Bill Clinton spent much of the day trying to explain his remarks and regain the confidence of a community that historically has provided some of the Clintons' strongest support. In a call-in interview on Al Sharpton's radio show, Clinton said he had meant only that Obama's statements about his position on the Iraq war are a "fairy tale," because Obama (D-Ill.) had voted to fund the war upon arriving in the Senate after saying he opposed the invasion.

In a July 2004 interview with the New York Times, Obama said of the war vote: "What would I have done? I don't know. What I know is that from my vantage point the case was not made."

"I stand by what I said," Bill Clinton said. But, he continued: "I was addressing a specific argument that had never been brought up in the debates." He went on to say that, in 15 debates, Obama has never been asked to explain the comment in which he said he did not know how he would have voted had he actually been in the Senate for the war vote. Obama has otherwise consistently said he would have opposed the war, as he did at the time, when he was running for the Senate.

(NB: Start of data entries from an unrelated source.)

(* Let $G$ be a finite simple graph with edge weight function $w$ and vertex weight function $w_1$. Then all roots of $\eta_{(w,w_1)}(G,x)$ are real.
   Context: An edge weight function $w$ assigns a nonzero complex number to each edge; a vertex weight function $w_1$ assigns a real number (possibly $0$) to each vertex; induced subgraphs carry restricted weights. For $A\subseteq E(G)$, $w(A)=\prod_{e\in A}w(e)$. $\mu_w(G,x)=\sum_{M}(-1)^{|M|}|w(M)|^2x^{n-2|M|}$ over all matchings $M$ of $G$ (including empty), $n=|V(G)|$. $\eta_{(w,w_1)}(G,x)=\sum_{S\subseteq V(G)}(-1)^{|V(G)\setminus S|}\big(\prod_{v\in V(G)\setminus S}w_1(v)\big)\mu_w(G[S],x)$ with $G[S]$ the induced subgraph and $\mu_w$ of the empty graph equal to $1$. *)

From HB Require Import structures.
From mathcomp Require Import all_boot all_order all_algebra.
Set Implicit Arguments. Unset Strict Implicit. Unset Printing Implicit Defensive.
Import Order.TTheory GRing.Theory Num.Theory.
Local Open Scope ring_scope.

Section Eta.
Variables (C : numClosedFieldType) (T : finType).

Definition edges (e : rel T) : {set {set T}} :=
  [set A : {set T} | [exists x, exists y, e x y && (A == [set x; y])]].

Definition is_matching (e : rel T) (S : {set T}) (M : {set {set T}}) : bool :=
  [&& M \subset edges e, trivIset M & cover M \subset S].

Definition mu_w (e : rel T) (w : {set T} -> C) (S : {set T}) : {poly C} :=
  \sum_(M : {set {set T}} | is_matching e S M)
    ((-1) ^+ #|M| * \prod_(A in M) `|w A| ^+ 2)%:P * 'X^(#|S| - 2 * #|M|).

Definition eta_w (e : rel T) (w : {set T} -> C) (w1 : T -> C) : {poly C} :=
  \sum_(S : {set T})
    ((-1) ^+ #|~: S| * \prod_(v in ~: S) w1 v)%:P * mu_w e w S.

End Eta.

(* Expanding the product over unmatched vertices, eta(G, x) is the matching
   polynomial of G in which a vertex v missed by the matching contributes
   x - w1(v) instead of x.  Deleting a vertex u gives the Heilmann-Lieb recursion
     mu(S) = (x - w1 u) mu(S - u) - sum_(v ~ u) |w(uv)|^2 mu(S - u - v).
   For Im x > 0 it shows, by induction on |S|, that every ratio mu(S)/mu(S - u)
   has positive imaginary part: the real shift w1 u does not change Im x, and
   each subtracted term |w(uv)|^2 / (mu(S - u)/mu(S - u - v)) has nonpositive
   imaginary part.  So mu(G) has no zero in the upper half-plane, and none in
   the lower one by conjugation. *)

From HB Require Import structures.
From mathcomp Require Import all_boot all_order all_algebra.
Set Implicit Arguments. Unset Strict Implicit. Unset Printing Implicit Defensive.
Import Order.TTheory GRing.Theory Num.Theory.
Local Open Scope ring_scope.

Lemma prod_subr_setC (R : comPzRingType) (T : finType) (c : T -> R)
    (K : {set T}) (x : R) :
  \prod_(v in ~: K) (x - c v) =
  \sum_(S : {set T} | K \subset S)
     ((-1) ^+ #|~: S| * \prod_(v in ~: S) c v) * x ^+ (#|S| - #|K|).
Proof.
pose a v := if v \in K then 1 else x.
pose b v := if v \in K then 0 else - c v.
have -> : \prod_(v in ~: K) (x - c v) = \prod_v (a v + b v).
  symmetry; rewrite (bigID (mem K)) /= big1 ?mul1r => [|v vK]; last first.
    by rewrite /a /b vK addr0.
  by apply: eq_big => [v|v /negbTE vK]; rewrite ?inE // /a /b vK.
rewrite bigA_distr (bigID (fun J : {set T} => K \subset J)) /=.
rewrite [X in _ + X]big1 ?addr0 => [|J /subsetPn [v vK vJ]]; last first.
  by rewrite (bigD1 v) //= (negbTE vJ) /b vK mul0r.
apply: eq_bigr => J sKJ; rewrite (bigID (mem J)) /= mulrC; congr (_ * _).
  rewrite -prodrN; apply: eq_big => [v|v /negbTE vJ]; first by rewrite inE.
  rewrite vJ /b; case: ifP => // vK.
  by have := subsetP sKJ v vK; rewrite vJ.
rewrite (eq_bigr a) => [|v /= -> //].
rewrite (bigID (mem K)) /= big1 ?mul1r => [|v /andP[_ vK]]; last by rewrite /a vK.
rewrite (eq_bigr (fun _ => x)) => [|v /andP[_ /negbTE vK]]; last by rewrite /a vK.
rewrite prodr_const -{2}(setIidPr sKJ) -cardsD; congr (x ^+ _).
by apply: eq_card => v; rewrite !inE andbC.
Qed.

Lemma Im_subr_sum_div_gt0 (C : numClosedFieldType) (I : finType) (P : pred I)
    (c q : I -> C) (x a : C) :
  0 < 'Im x -> a \is Num.real -> (forall i, P i -> 0 <= c i) ->
  (forall i, P i -> 0 < 'Im (q i)) ->
  0 < 'Im (x - a - \sum_(i | P i) c i / q i).
Proof.
move=> Imx_gt0 a_real c_ge0 Imq_gt0.
rewrite !raddfB /= (Creal_ImP _ a_real) subr0 raddf_sum /=.
apply: lt_le_trans Imx_gt0 _; rewrite -sumrN lerDl sumr_ge0 // => i Pi.
rewrite ImMl ?ger0_real ?c_ge0 // ImV mulNr mulrN opprK.
by rewrite mulr_ge0 ?divr_ge0 ?exprn_ge0 ?normr_ge0 ?c_ge0 ?ltW ?Imq_gt0.
Qed.

Section Matchings.
Variables (C : numClosedFieldType) (T : finType) (e : rel T).
Hypotheses (e_sym : symmetric e) (e_irr : irreflexive e).

Lemma edgesP A : reflect (exists x y, e x y /\ A = [set x; y]) (A \in edges e).
Proof.
rewrite inE; apply: (iffP existsP) => [[x /existsP[y /andP[exy /eqP->]]] | ].
  by exists x, y.
by case=> x [y [exy ->]]; exists x; apply/existsP; exists y; rewrite exy eqxx.
Qed.

Lemma card_edges A : A \in edges e -> #|A| = 2%N.
Proof.
case/edgesP=> x [y [exy ->]]; rewrite cards2.
by case: eqP => // xy; rewrite xy e_irr in exy.
Qed.

Lemma edges_set2 u v : [set u; v] \in edges e -> e u v.
Proof.
move=> uvE; have := card_edges uvE; rewrite cards2; case: eqP => // /eqP neq_uv _.
case/edgesP: uvE => a [b [eab /setP uvE]].
have := uvE u; have := uvE v; rewrite !inE !eqxx orbT /= => /esym vab /esym uab.
move: neq_uv; case/orP: uab => /eqP->; case/orP: vab => /eqP-> //; rewrite ?eqxx //.
by rewrite e_sym.
Qed.

Lemma set0_notin_edges (M : {set {set T}}) : M \subset edges e -> set0 \notin M.
Proof. by move/subsetP=> sub; apply/negP=> /sub/card_edges; rewrite cards0. Qed.

Lemma is_matchingE (S : {set T}) (M : {set {set T}}) :
  is_matching e S M = is_matching e setT M && (cover M \subset S).
Proof. by rewrite /is_matching subsetT andbT andbA. Qed.

Lemma card_cover_matching (M : {set {set T}}) :
  M \subset edges e -> trivIset M -> #|cover M| = (2 * #|M|)%N.
Proof.
move=> /subsetP sub /eqP <-; rewrite mulnC -sum_nat_const.
by apply: eq_bigr => A /sub; apply: card_edges.
Qed.

Lemma matching_edge_mem (S : {set T}) (M : {set {set T}}) u v :
  is_matching e S M -> [set u; v] \in M -> [&& u \in S, v \in S & e u v].
Proof.
case/and3P=> sub _ /subsetP cov uvM; rewrite edges_set2 ?(subsetP sub) // andbT.
by apply/andP; split; apply: cov; apply/bigcupP; exists [set u; v];
  rewrite // !inE eqxx ?orbT.
Qed.

Lemma card_matching_partners (M : {set {set T}}) u :
  M \subset edges e -> trivIset M -> #|[set v | [set u; v] \in M]| = (u \in cover M).
Proof.
move=> sub tr; case: (boolP (u \in cover M)) => [uM | /negP uM]; last first.
  apply/eqP; rewrite cards_eq0; apply/eqP/setP => v; rewrite !inE.
  by apply/negP => uvM; apply: uM; apply/bigcupP; exists [set u; v]; rewrite // !inE eqxx.
have [A AM uA] := bigcupP uM.
have /edgesP[a [b [eab defA]]] := subsetP sub A AM.
have [y defAy] : exists y, A = [set u; y].
  by move: uA; rewrite defA !inE => /orP[]/eqP->; [exists b | exists a; rewrite setUC].
rewrite (_ : [set v | _] = [set y]) ?cards1 //; apply/setP => v; rewrite !inE.
apply/idP/eqP => [uvM | ->]; last by rewrite -defAy.
have uv2 := card_edges (subsetP sub _ uvM); rewrite cards2 in uv2.
have uvA : [set u; v] = A.
  apply/eqP; apply: contraT => neqA.
  have := disjointFr (trivIsetP tr _ _ uvM AM neqA) (x := u).
  by rewrite uA !inE eqxx => /(_ isT).
have /setP/(_ v) := uvA; rewrite defAy !inE eqxx orbT /=.
by case/esym/orP=> /eqP // vu; rewrite vu eqxx in uv2.
Qed.

Lemma sum_matching_cover (S : {set T}) u (F : {set {set T}} -> C) :
  \sum_(M | is_matching e S M && (u \in cover M)) F M =
  \sum_(v in S | e u v) \sum_(M | is_matching e S M && ([set u; v] \in M)) F M.
Proof.
rewrite [RHS](exchange_big_dep (is_matching e S)) /= => [|v M _ /andP[] //].
rewrite big_mkcondr /=; apply: eq_bigr => M mM.
rewrite (eq_bigl (mem [set v | [set u; v] \in M])) => [|v]; last first.
  rewrite !inE mM /=; case uvM: ([set u; v] \in M); rewrite ?andbF //.
  by case/and3P: (matching_edge_mem mM uvM) => _ -> ->.
case/and3P: mM => sub tr _.
by rewrite sumr_const card_matching_partners //; case: (u \in cover M).
Qed.

Lemma is_matching_setD1 (S : {set T}) (M : {set {set T}}) u v :
  is_matching e S M -> [set u; v] \in M ->
  is_matching e (S :\ u :\ v) (M :\ [set u; v]).
Proof.
case/and3P=> sub tr cov uvM; apply/and3P; split.
- exact: subset_trans (subD1set _ _) sub.
- exact: trivIsetS (subD1set _ _) tr.
rewrite coverD1 //; apply/subsetP => z; rewrite !inE negb_or => /andP[/andP[zu zv] zc].
by rewrite zu zv (subsetP cov).
Qed.

Lemma is_matching_setU1 (S : {set T}) (M : {set {set T}}) u v :
  u \in S -> v \in S -> e u v -> is_matching e (S :\ u :\ v) M ->
  is_matching e S ([set u; v] |: M) && ([set u; v] \notin M).
Proof.
move=> uS vS euv /and3P[sub tr /subsetP cov].
have uvE : [set u; v] \in edges e by apply/edgesP; exists u, v.
have uvM : [set u; v] \notin M.
  apply/negP => uvM; have /cov : u \in cover M.
    by apply/bigcupP; exists [set u; v]; rewrite // !inE eqxx.
  by rewrite !inE eqxx andbF.
rewrite uvM andbT; apply/and3P; split.
- by rewrite subUset sub1set uvE sub.
- have dis B : B \in M -> [disjoint [set u; v] & B].
    move=> BM; rewrite -setI_eq0; apply/eqP/setP => z; rewrite !inE.
    case zB: (z \in B); rewrite ?andbF // andbT.
    have /cov : z \in cover M by apply/bigcupP; exists B.
    by rewrite !inE => /and3P[/negbTE-> /negbTE->].
  by case: (trivIsetU1 dis tr (set0_notin_edges sub)).
rewrite /cover big_setU1 //= subUset; apply/andP; split.
  by apply/subsetP => z; rewrite !inE => /orP[]/eqP->.
by apply/subsetP => z /cov; rewrite !inE => /and3P[_ _].
Qed.

Lemma sum_matching_edge (S : {set T}) u v (F : {set {set T}} -> C) :
  u \in S -> v \in S -> e u v ->
  \sum_(M | is_matching e S M && ([set u; v] \in M)) F M =
  \sum_(M | is_matching e (S :\ u :\ v) M) F ([set u; v] |: M).
Proof.
move=> uS vS euv.
rewrite (reindex_onto (fun M => [set u; v] |: M) (fun M => M :\ [set u; v])) /=.
  apply: eq_bigl => M; rewrite setU11 andbT; apply/idP/idP.
    case/andP=> mM /eqP defM; rewrite -defM.
    by apply: is_matching_setD1 mM (setU11 _ _).
  by move=> /(is_matching_setU1 uS vS euv)/andP[-> uvM]; rewrite setU1K ?eqxx.
by move=> M /andP[_ uvM]; rewrite setD1K.
Qed.

Variables (w : {set T} -> C) (w1 : T -> C).

Definition mu_shift_term (S : {set T}) (M : {set {set T}}) (x : C) : C :=
  (-1) ^+ #|M| * \prod_(A in M) `|w A| ^+ 2 * \prod_(v in S :\: cover M) (x - w1 v).

Definition mu_shift (S : {set T}) (x : C) : C :=
  \sum_(M | is_matching e S M) mu_shift_term S M x.

Lemma horner_eta_w x : (eta_w e w w1).[x] = mu_shift setT x.
Proof.
rewrite /eta_w horner_sum.
under eq_bigr do rewrite hornerCM /mu_w horner_sum big_distrr /=.
under eq_bigr => S _ do under eq_bigr do rewrite hornerCM hornerXn.
under eq_bigr => S _ do rewrite (eq_bigl _ _ (is_matchingE S)).
rewrite (exchange_big_dep (is_matching e setT)) /= => [|S M _ /andP[] //].
apply: eq_bigr => M mM.
have cardM : #|cover M| = (2 * #|M|)%N.
  by case/and3P: mM => sub tr _; apply: card_cover_matching.
rewrite /mu_shift_term setTD (prod_subr_setC w1) big_distrr /=.
by apply: eq_big => [S|S _]; rewrite ?mM // cardM mulrCA.
Qed.

Lemma mu_shift0 x : mu_shift set0 x = 1.
Proof.
rewrite /mu_shift (big_pred1 set0) => [|M /=]; last first.
  apply/idP/eqP => [/and3P[/subsetP sub _ /subsetP cov] | ->]; last first.
    by rewrite /is_matching sub0set /trivIset /cover !big_set0 cards0 sub0set.
  apply/setP => A; rewrite inE; apply/negbTE/negP => AM.
  have /set0Pn[z zA] : A != set0 by rewrite -card_gt0 card_edges ?sub.
  by have := cov z (subsetP (bigcup_sup _ AM) z zA); rewrite inE.
by rewrite /mu_shift_term cards0 expr0 !big_set0 set0D big_set0 !mulr1.
Qed.

Lemma mu_shift_uncovered (S : {set T}) u x : u \in S ->
  \sum_(M | is_matching e S M && (u \notin cover M)) mu_shift_term S M x =
  (x - w1 u) * mu_shift (S :\ u) x.
Proof.
move=> uS; rewrite big_distrr /=; apply: eq_big => M.
  by rewrite (is_matchingE S) (is_matchingE (S :\ u)) subsetD1 andbA.
move=> /andP[_ uM]; rewrite /mu_shift_term (bigD1 u) /=; last by rewrite inE uS uM.
rewrite (eq_bigl (mem (S :\ u :\: cover M))); first exact: mulrCA.
by move=> v; rewrite !inE; case: (v == u); case: (v \in S); case: (v \in cover M).
Qed.

Lemma mu_shift_term_setU1 (S : {set T}) (M : {set {set T}}) u v x :
  u \in S -> v \in S -> e u v -> is_matching e (S :\ u :\ v) M ->
  mu_shift_term S ([set u; v] |: M) x =
  - (`|w [set u; v]| ^+ 2 * mu_shift_term (S :\ u :\ v) M x).
Proof.
move=> uS vS euv mM; have /andP[_ uvM] := is_matching_setU1 uS vS euv mM.
rewrite /mu_shift_term.
have -> : S :\: cover ([set u; v] |: M) = S :\ u :\ v :\: cover M.
  rewrite /cover big_setU1 //=; apply/setP => z; rewrite !inE.
  by case: (z == u); case: (z == v); case: (z \in S); case: (z \in \bigcup_(B in M) B).
rewrite cardsU1 uvM big_setU1 //= add1n exprS mulN1r !mulNr.
by rewrite mulrCA !mulrA.
Qed.

Lemma mu_shift_rec (S : {set T}) u x : u \in S ->
  mu_shift S x = (x - w1 u) * mu_shift (S :\ u) x
    - \sum_(v in S | e u v) `|w [set u; v]| ^+ 2 * mu_shift (S :\ u :\ v) x.
Proof.
move=> uS; rewrite /mu_shift (bigID (fun M => u \in cover M)) /= addrC.
rewrite mu_shift_uncovered // sum_matching_cover -sumrN; congr (_ + _).
apply: eq_bigr => v /andP[vS euv]; rewrite sum_matching_edge // big_distrr -sumrN.
by apply: eq_bigr => M mM; rewrite mu_shift_term_setU1.
Qed.

Hypothesis w1_real : forall v, w1 v \is Num.real.

Lemma mu_shift_conj (S : {set T}) x : mu_shift S x^* = (mu_shift S x)^*.
Proof.
rewrite /mu_shift rmorph_sum; apply: eq_bigr => M _.
rewrite /mu_shift_term !rmorphM rmorphXn rmorphN1 !rmorph_prod; congr (_ * _ * _).
  apply: eq_bigr => A _; transitivity ((`|w A| ^+ 2)^*) => //.
  by rewrite conj_Creal // rpredX // normr_real.
apply: eq_bigr => v _; transitivity ((x - w1 v)^*) => //.
by rewrite rmorphB; congr (_ - _); symmetry; apply: conj_Creal.
Qed.

Lemma mu_shift_neq0_ratio (S : {set T}) x :
  (forall u, u \in S -> 0 < 'Im (mu_shift S x / mu_shift (S :\ u) x)) ->
  mu_shift S x != 0.
Proof.
have [-> _ | [u uS] Imr_gt0] := set_0Vmem S; first by rewrite mu_shift0 oner_eq0.
by apply: contraTneq (Imr_gt0 u uS) => ->; rewrite mul0r raddf0 ltxx.
Qed.

Lemma Im_mu_shift_ratio_gt0 x : 0 < 'Im x -> forall (S : {set T}) u, u \in S ->
  0 < 'Im (mu_shift S x / mu_shift (S :\ u) x).
Proof.
move=> Imx_gt0 S; have [n] := ubnP #|S|; elim: n S => // n IHn S.
rewrite ltnS => cardS u uS; set S' := S :\ u.
have cardS' : (#|S'| < n)%N by move: cardS; rewrite (cardsD1 u S) uS.
have S'_neq0 := mu_shift_neq0_ratio (IHn S' cardS').
rewrite (mu_shift_rec x uS) mulrBl (mulfK S'_neq0) mulr_suml.
rewrite (eq_bigr (fun v => `|w [set u; v]| ^+ 2 /
                           (mu_shift S' x / mu_shift (S' :\ v) x))); last first.
  by move=> v _; rewrite invf_div mulrA.
apply: Im_subr_sum_div_gt0 => // [v _ | v /andP[vS euv]]; first exact: exprn_ge0.
apply: IHn cardS' _ _; rewrite !inE vS andbT.
by apply: contraTneq euv => ->; rewrite e_irr.
Qed.

Lemma mu_shift_neq0 (S : {set T}) x : 0 < 'Im x -> mu_shift S x != 0.
Proof. by move=> Imx_gt0; apply/mu_shift_neq0_ratio/Im_mu_shift_ratio_gt0. Qed.

End Matchings.

Theorem corollary3p4 (C : numClosedFieldType) (T : finType) (e : rel T)
  (e_sym : symmetric e) (e_irr : irreflexive e)
  (w : {set T} -> C) (w_nz : forall A, A \in edges e -> w A != 0)
  (w1 : T -> C) (w1_real : forall v, w1 v \is Num.real) :
  forall z : C, root (eta_w e w w1) z -> z \is Num.real.
Proof.
move=> z /eqP; rewrite (horner_eta_w e_irr) => eta_z.
have mu_neq0 := mu_shift_neq0 e_sym e_irr w w1_real setT.
apply/Creal_ImP/eqP; apply: contraT.
rewrite real_neqr_lt ?Creal_Im ?real0 // => /orP[Imz_lt0 | Imz_gt0].
  have := mu_neq0 z^*; rewrite Im_conj oppr_gt0 mu_shift_conj // eta_z conjC0.
  by rewrite eqxx => /(_ Imz_lt0).
by have := mu_neq0 z Imz_gt0; rewrite eta_z eqxx.
Qed.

"So, 'That story is a fairy tale' -- now, that doesn't have anything to do with my respect for him as a person or as a political figure in this campaign," Clinton told Sharpton. "He's put together a great campaign. It's clearly not a fairy tale. It's real."

Acknowledging the closeness of the race after the first two nominating contests, Clinton also said: "I have given hundreds of speeches on Hillary's behalf in this campaign. I don't believe I've given a single one where I did not applaud Senator Obama and his candidacy. It's not a fairy tale: He might win."

A memo surfaced yesterday that listed allegedly racially tinged remarks made by Clinton and her surrogates, including a comment from New York Attorney General Andrew M. Cuomo that Obama would have to do more than "shuck and jive" his way through a news conference to get elected, and remarks that Clinton herself incorporated into her stump speech that some read as a slight on the Rev. Martin Luther King Jr. The Obama campaign did not take responsibility for the memo, and campaign officials went to great lengths to avoid the appearance of fanning the flames of the debate. "People have to decide for themselves," Bill Burton, an Obama spokesman, said, without specifying what it is people have to decide. "It's not our focus."

In a statement issued yesterday evening, House Majority Whip James E. Clyburn, an African American representing South Carolina, said: "I encourage the candidates to be sensitive about the words they use. This is an historic race for America to have such strong, diverse candidates vying for the Democratic nomination."

One Clinton supporter suggested that Obama is trying to use allegations of racism to help boost his campaign after narrowly losing the New Hampshire primary to Clinton. Rep. Stephanie Tubbs Jones (D-Ohio), a Clinton supporter, described the Obama allegation as "a tactic to diminish their support in the African American community."

The Obama campaign's goal, she said, is to "nick at you and come up with something that may well stick."

"And I personally was offended that they would think the African American community is going to be blinded by their allegations," she said.

For months, African American voters have struggled to pick sides between the wife of a beloved former president and the first black candidate with a realistic shot at winning the White House. Now, as the South Carolina contest approaches, and as primaries in other states with large black populations loom on Feb. 5, when 22 states will vote, Obama may be narrowing the edge Clinton once held among black voters.

A new survey by the polling arm of the Alabama Education Association, the Capital Survey Research Center, shows Obama gaining ground on Clinton in Alabama, a Feb. 5 state where blacks are expected to make up more than a third of Democratic primary voters. The two are locked in a statistical dead heat, with Obama at 36 percent and Clinton at 34 percent. Last month, the same poll showed Clinton leading Obama, 40 percent to 25 percent.